Exercise brief: Filter the entries for the string "exact". Copy each line that has it.

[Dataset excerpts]
■ ■ ■ ■ ■ ■ ■

Lemma zeta_zf'_gt_zeta_csi' (th : Theta) (R0 s : R) :
  R0 > 0 -> alpha th > 0 -> rho_r th > 0 -> rho_d th > 0 -> rho_s th > 0 -> rho_0 th > 0 ->
  rho_s th > alpha th / 2 ->
  zeta_csi' (4 * R0 / 3) th = Finite s -> 0 < s ->
  Rbar_lt (3 / 8 * s) (zeta_zf' R0 th).
Proof.
  intros hR ha hr hd hs h0 hsa Hs hs0.
  replace (3 / 8 * s) with (R0 / (2 * (4 * R0 / 3)) * s) by (field; lra).
  apply (Lub_Rbar_lt_of_den_gain _ _ s (4 * R0 / 3) R0 2 (rho_s th - alpha th / 2)
           Hs hs0 ltac:(lra) hR ltac:(lra) ltac:(lra)).
  intros z [M [K [hK1 [hKm [hMK ->]]]]] _.
  destruct (den_zf_quarter_le th M K R0 ha hr hd hs h0 ltac:(lra) hKm hMK ltac:(lra))
    as [hpos hle].
  pose proof (den_csi_ge_rho_s th M K (4 * R0 / 3) ha hr hd ltac:(lra) hMK ltac:(lra)).
  exists (den_zf M K (TT th / 4) R0 th). repeat split; [|exact hpos|].
  - exists M, K, (TT th / 4). rewrite zeta_zfE.
    pose proof (Kmax_bounds th K hr hd h0 hKm). repeat split; lra.
  - rewrite zeta_csiE.
    replace (4 * R0 / 3 / (4 * R0 / 3 / den_csi M K (4 * R0 / 3) th))
      with (den_csi M K (4 * R0 / 3) th) by (field; lra).
    exact hle.
Qed.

■ ■ ■ ■ ■ ■ ■

Output for this exercise:
  exists (den_zf M K (TT th / 4) R0 th). repeat split; [|exact hpos|].
    exact hle.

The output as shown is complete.